The choreography (by Carlie Taylor) and timing of this segment plays like a macabre ballet and is mesmerizing to witness. BRAVO!

Vocally, the cast doesn’t always rise to the almost tortuous level of difficulty of the material but there are plenty of standouts for sure.

Baritone Dave DiGeronimo, for instance, as Judge Turpin, is bold, magnanimous and authoritative and gives probably the best traditional and straight-laced portrayal in the supporting cast.

Johnny Culwell as the handsome sailor Anthony and the splendidly-talented Anna Grace Horne as Johanna sparkle as the smitten young couple and don’t disappoint with the romantic ballad “Kiss Me.”

Heather Iwinski plays Turpin’s henchman The Beadle (written as a male role) and delivers a winsome “Parlor Songs” in her fine contra-alto register.

Miss Escobar, already an accomplished performer in the Upstate (“Kindertransport” at Centre Stage”), is solid and mature in her portrayal and sublime in her duet with Wilbanks, “Not  While I am Around.”

Nathaniel Stafford, fresh from SCCT’s “Beauty and the Beast” and the lead in the Mill Town Players’ recent “Oklahoma!”, adds pompous flair, an Italian accent and mad scientist hair to his  dissembling barber Pirelli, who challenges Todd to a shaving competition.

And Lynn Campbell is endearing as the wretched beggar woman who meanders in and out of the storyline.

The chorus of ten also has some powerful voices in its midst, with the sopranos making their presence well-known, particularly Heather Glew, who at one point reaches a High “D.” Luckily ECP serves wine in plastic cups and not glass that might shatter at such a frequency.

The rest of the ensemble is comprised of Audrey Dickson, Raekwon Fuller, Drew Glisson, Sara Orr, Jim Rasheed, Janean Thomason, Jessica Wayland, Carl Whitman and Paige Whitman.

Another treat is the live accompaniment by Music Director Jamie Hawkins and Amy Diffenderfer on dueling keyboards which does give the audience a close approximation of Sondheim’s complex brooding score; although I did miss his lush orchestrations after seeing a large-scale version last weekend in Asheville. The cast works without microphones so on occasion the vocals can be drowned out by the musicians, but the optics of the stage action do compensate plenty.

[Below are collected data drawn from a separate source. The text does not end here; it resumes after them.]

(* The LP fractional mechanism has approximation ratio $1$ for the fractional scheduling problem without money, for any number $n$ of machines and any number $m$ of tasks.
   Context: Fractional scheduling without payments: $n$ machines, $m$ divisible tasks; machine $i$ has private true times $t_{i,j}\ge0$ and declares $\hat t_{i,j}\ge0$. A mechanism outputs fractions $\alpha_{i,j}(\hat{\mathbf t})\in[0,1]$ with $\sum_i\alpha_{i,j}=1$ for every task $j$. Machines are bound by their declarations: machine $i$ executes her fraction of task $j$ for time $\alpha_{i,j}\max\{\hat t_{i,j},t_{i,j}\}$; her cost is $C_i(\hat{\mathbf t})=\sum_j\alpha_{i,j}\max\{\hat t_{i,j},t_{i,j}\}$, and the (fractional) makespan is $\max_i C_i(\hat{\mathbf t})$. A mechanism is truthful if for every $\mathbf t$, $i$, $\hat{\mathbf t}$: $C_i(\mathbf t_i,\hat{\mathbf t}_{-i})\le C_i(\hat{\mathbf t})$. The approximation ratio of a truthful mechanism is the supremum over instances $\mathbf t$ of the makespan under truthful reports $\hat{\mathbf t}=\mathbf t$ divided by the optimal fractional makespan $\min_\alpha\max_i\sum_j\alpha_{i,j}t_{i,j}$. The LP fractional mechanism, on declarations $\hat{\mathbf t}$, outputs as fractions an optimal solution $\alpha(\hat{\mathbf t})$ (selected by a fixed rule among optimal solutions) of the linear program: minimize $\mu$ subject to $\sum_i\alpha_{i,j}=1$ for all $j$, $\mu-\sum_j\alpha_{i,j}\hat t_{i,j}\ge0$ for all $i$, $\alpha_{i,j}\ge0$. *)

From mathcomp Require Import all_boot all_order all_algebra.
Set Implicit Arguments. Unset Strict Implicit. Unset Printing Implicit Defensive.
Import Order.TTheory GRing.Theory Num.Theory.
Local Open Scope ring_scope.

Section Sched.
Variables (R : realFieldType) (n m : nat).

(* A time matrix / declaration: t i j = time of machine i on task j. *)
Definition times := 'I_n -> 'I_m -> R.
(* A fractional assignment: a i j = fraction of task j given to machine i. *)
Definition fractions := 'I_n -> 'I_m -> R.

Definition nonneg_times (t : times) : Prop := forall i j, 0 <= t i j.

Definition feasible_frac (a : fractions) : Prop :=
  (forall i j, 0 <= a i j <= 1) /\ (forall j, \sum_(i < n) a i j = 1).

Definition load (a : fractions) (t : times) (i : 'I_n) : R :=
  \sum_(j < m) a i j * t i j.
Definition makespan (a : fractions) (t : times) : R :=
  \big[Num.max/0]_(i < n) load a t i.

Definition lp_feasible (th : times) (a : fractions) (mu : R) : Prop :=
  (forall j, \sum_(i < n) a i j = 1) /\
  (forall i, 0 <= mu - \sum_(j < m) a i j * th i j) /\
  (forall i j, 0 <= a i j).
Definition lp_optimal (th : times) (a : fractions) (mu : R) : Prop :=
  lp_feasible th a mu /\ forall b nu, lp_feasible th b nu -> mu <= nu.

Definition mechanism := times -> fractions.

(* M is an LP fractional mechanism: on every (nonnegative) declaration it
   outputs the alpha-part of an optimal solution of the LP; M itself is
   the fixed selection rule among optimal solutions. *)
Definition LP_mechanism (M : mechanism) : Prop :=
  forall th, nonneg_times th -> exists mu, lp_optimal th (M th) mu.

Definition cost (M : mechanism) (t th : times) (i : 'I_n) : R :=
  \sum_(j < m) M th i j * Num.max (th i j) (t i j).

Definition report_true (t th : times) (i : 'I_n) : times :=
  fun k => if k == i then t i else th k.

Definition truthful (M : mechanism) : Prop :=
  forall (t th : times) (i : 'I_n), nonneg_times t -> nonneg_times th ->
    cost M t (report_true t th i) i <= cost M t th i.

Definition approx_ratio_one (M : mechanism) : Prop :=
  forall t : times, nonneg_times t ->
    forall b : fractions, feasible_frac b -> makespan (M t) t <= makespan b t.

End Sched.

(** An optimal solution of the LP equalizes the loads: if some machine had
    load below the optimum [mu], moving a small fraction [e] of every task
    onto it would lower every load below [mu].  Truthfulness follows: when
    machine [i] lies, her cost is at least her declared load, hence at least
    the LP value on the lie, and the assignment of the lie together with her
    cost is feasible for the LP on the truthful report; so the LP value on
    the truthful report, which bounds her truthful cost, is at most her cost
    when lying.  The approximation ratio is 1 because the LP is exactly the
    fractional makespan minimization. *)

From mathcomp Require Import all_boot all_order all_algebra.
From mathcomp Require Import lra.
Set Implicit Arguments. Unset Strict Implicit. Unset Printing Implicit Defensive.
Import Order.TTheory GRing.Theory Num.Theory.
Local Open Scope ring_scope.

Section LinearProgram.
Variables (R : realFieldType) (n m : nat).
Implicit Types (th t : times R n m) (a b : fractions R n m) (mu : R).

Lemma load_ge0 th a i :
  nonneg_times th -> (forall j, 0 <= a i j) -> 0 <= load a th i.
Proof. by move=> hth ha; apply: sumr_ge0 => j _; apply: mulr_ge0. Qed.

Lemma load_le_lp_value th a mu i : lp_feasible th a mu -> load a th i <= mu.
Proof. by case=> _ [hl _]; rewrite -subr_ge0; apply: hl. Qed.

Definition shift_to a (p : 'I_n) (e : R) : fractions R n m :=
  fun k j => (1 - e) * a k j + e * (k == p)%:R.

Lemma sum_shift_to a p e j :
  \sum_(i < n) a i j = 1 -> \sum_(i < n) shift_to a p e i j = 1.
Proof.
move=> hs; rewrite big_split /= -!mulr_sumr hs (bigD1 p) //= eqxx big1.
  by rewrite addr0 !mulr1 subrK.
by move=> i /negPf ->.
Qed.

Lemma load_shift_to th a p e k :
  load (shift_to a p e) th k =
  (1 - e) * load a th k + e * (k == p)%:R * \sum_(j < m) th k j.
Proof.
rewrite /load !mulr_sumr -big_split /=.
by apply: eq_bigr => j _; rewrite /shift_to mulrDl !mulrA.
Qed.

Lemma lp_optimal_load_ge th a mu p :
  nonneg_times th -> lp_optimal th a mu -> mu <= load a th p.
Proof.
move=> hth [[hs [hl ha]] hopt]; rewrite leNgt; apply/negP => hLmu.
set L := load a th p in hLmu; set T := \sum_(j < m) th p j.
have L0 : 0 <= L by apply: load_ge0.
have T0 : 0 <= T by apply: sumr_ge0.
have d0 : 0 < mu - L by rewrite subr_gt0.
set e := (mu - L) / (mu - L + T).
have e0 : 0 < e by apply: divr_gt0 => //; lra.
have e1 : e <= 1 by rewrite ler_pdivrMr; lra.
have eT : e * T < mu - L.
  by rewrite mulrAC ltr_pdivrMr; [rewrite ltr_pM2l; lra | lra].
pose nu := Num.max ((1 - e) * mu) (L + e * T).
have hfeas : lp_feasible th (shift_to a p e) nu.
  split; [by move=> j; apply: sum_shift_to | split].
  - move=> k; rewrite subr_ge0 -/(load _ th k) load_shift_to le_max.
    case: (eqVneq k p) => [->|hk].
    + rewrite mulr1 -/L -/T; apply/orP; right.
      have := mulr_ge0 (ltW e0) L0; lra.
    + rewrite mulr0 mul0r addr0; apply/orP; left.
      by rewrite ler_wpM2l ?subr_ge0 // -subr_ge0 hl.
  - move=> k j; apply: addr_ge0; apply: mulr_ge0 => //; lra.
have shrink : (1 - e) * mu < mu by rewrite -[ltRHS]mul1r ltr_pM2r; lra.
by have := hopt _ _ hfeas; rewrite le_max => /orP [] ?; lra.
Qed.

End LinearProgram.

Section Makespan.
Variables (R : realFieldType) (n m : nat).
Implicit Types (t : times R n m) (a b : fractions R n m).

Lemma makespan_ge0 a t : 0 <= makespan a t.
Proof. by apply: (big_rec (fun y => 0 <= y)) => // k y _ hy; rewrite le_max hy orbT. Qed.

Lemma load_le_makespan a t i : load a t i <= makespan a t.
Proof. by rewrite /makespan (bigD1 i) //= le_max lexx. Qed.

Lemma makespan_le a t x :
  0 <= x -> (forall i, load a t i <= x) -> makespan a t <= x.
Proof.
move=> x0 hx; apply: (big_ind (fun y => y <= x)) => // y z hy hz.
by rewrite ge_max hy hz.
Qed.

Lemma feasible_frac_lp_feasible a t :
  feasible_frac a -> lp_feasible t a (makespan a t).
Proof.
case=> ha hs; split; [by [] | split].
- by move=> i; rewrite subr_ge0; apply: load_le_makespan.
- by move=> i j; case/andP: (ha i j).
Qed.

End Makespan.

Section Mechanism.
Variables (R : realFieldType) (n m : nat) (M : mechanism R n m).
Hypothesis LP_M : LP_mechanism M.

Lemma cost_truthful_report t th i :
  cost M t (report_true t th i) i =
  load (M (report_true t th i)) (report_true t th i) i.
Proof.
have hti : report_true t th i i = t i by rewrite /report_true eqxx.
by apply: eq_bigr => j _; rewrite hti maxxx.
Qed.

Lemma load_le_cost t th u i :
  (forall j, 0 <= M th i j) -> (forall j, u i j <= Num.max (th i j) (t i j)) ->
  load (M th) u i <= cost M t th i.
Proof. by move=> hM hu; apply: ler_sum => j _; rewrite ler_wpM2l. Qed.

Lemma LP_mechanism_truthful : truthful M.
Proof.
move=> t th i ht hth; set t' := report_true t th i.
have ht' : nonneg_times t' by move=> k j; rewrite /t' /report_true; case: (k == i).
have [mu' opt'] := LP_M ht'; have [mu opt] := LP_M hth.
have [[hs [_ hM]] _] := opt; have [_ hmin'] := opt'.
set c := cost M t th i.
have mu_le_c : mu <= c.
  apply: le_trans (lp_optimal_load_ge i hth opt) _.
  by apply: load_le_cost => // j; rewrite le_max lexx.
have feas_c : lp_feasible t' (M th) c.
  split; [by [] | split; last by []].
  move=> k; rewrite subr_ge0 -/(load _ t' k); case: (eqVneq k i) => [->|hk].
  - apply: load_le_cost => // j.
    by rewrite /t' /report_true eqxx le_max lexx orbT.
  - have -> : load (M th) t' k = load (M th) th k.
      by rewrite /t' /load /report_true (negPf hk).
    by apply: le_trans mu_le_c; apply: load_le_lp_value opt.1.
rewrite cost_truthful_report; apply: le_trans (hmin' _ _ feas_c).
exact: load_le_lp_value opt'.1.
Qed.

Lemma LP_mechanism_approx_ratio_one : approx_ratio_one M.
Proof.
move=> t ht b hb; have [mu [feas hmin]] := LP_M ht.
have mu_le : mu <= makespan b t by apply/hmin/feasible_frac_lp_feasible.
apply: makespan_le => [|i]; first exact: makespan_ge0.
by apply: le_trans mu_le; apply: load_le_lp_value feas.
Qed.

End Mechanism.

Theorem theorem5 (R : realFieldType) (n m : nat) (M : mechanism R n m) :
  LP_mechanism M -> truthful M /\ approx_ratio_one M.
Proof.
move=> LP_M; split.
- exact: LP_mechanism_truthful.
- exact: LP_mechanism_approx_ratio_one.
Qed.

The scene transitions are swift and smooth. Taylor maximizes the entire space at ECP including the aisles and the utilitarian scenic design and layout packs no less than 13 portals to peer, enter and exit with set pieces and props, including the lobby doors.

Jim Rasheed also serves as producer. Emma McSharry is assistant director and stage manager. AJ Weaver is sound designer. And Will Nickles engineered the elaborate barber’s chair.

Mind you, “Sweeney Todd” does contain acts of violence and there is some blood-letting, so it’s not appropriate for youngsters.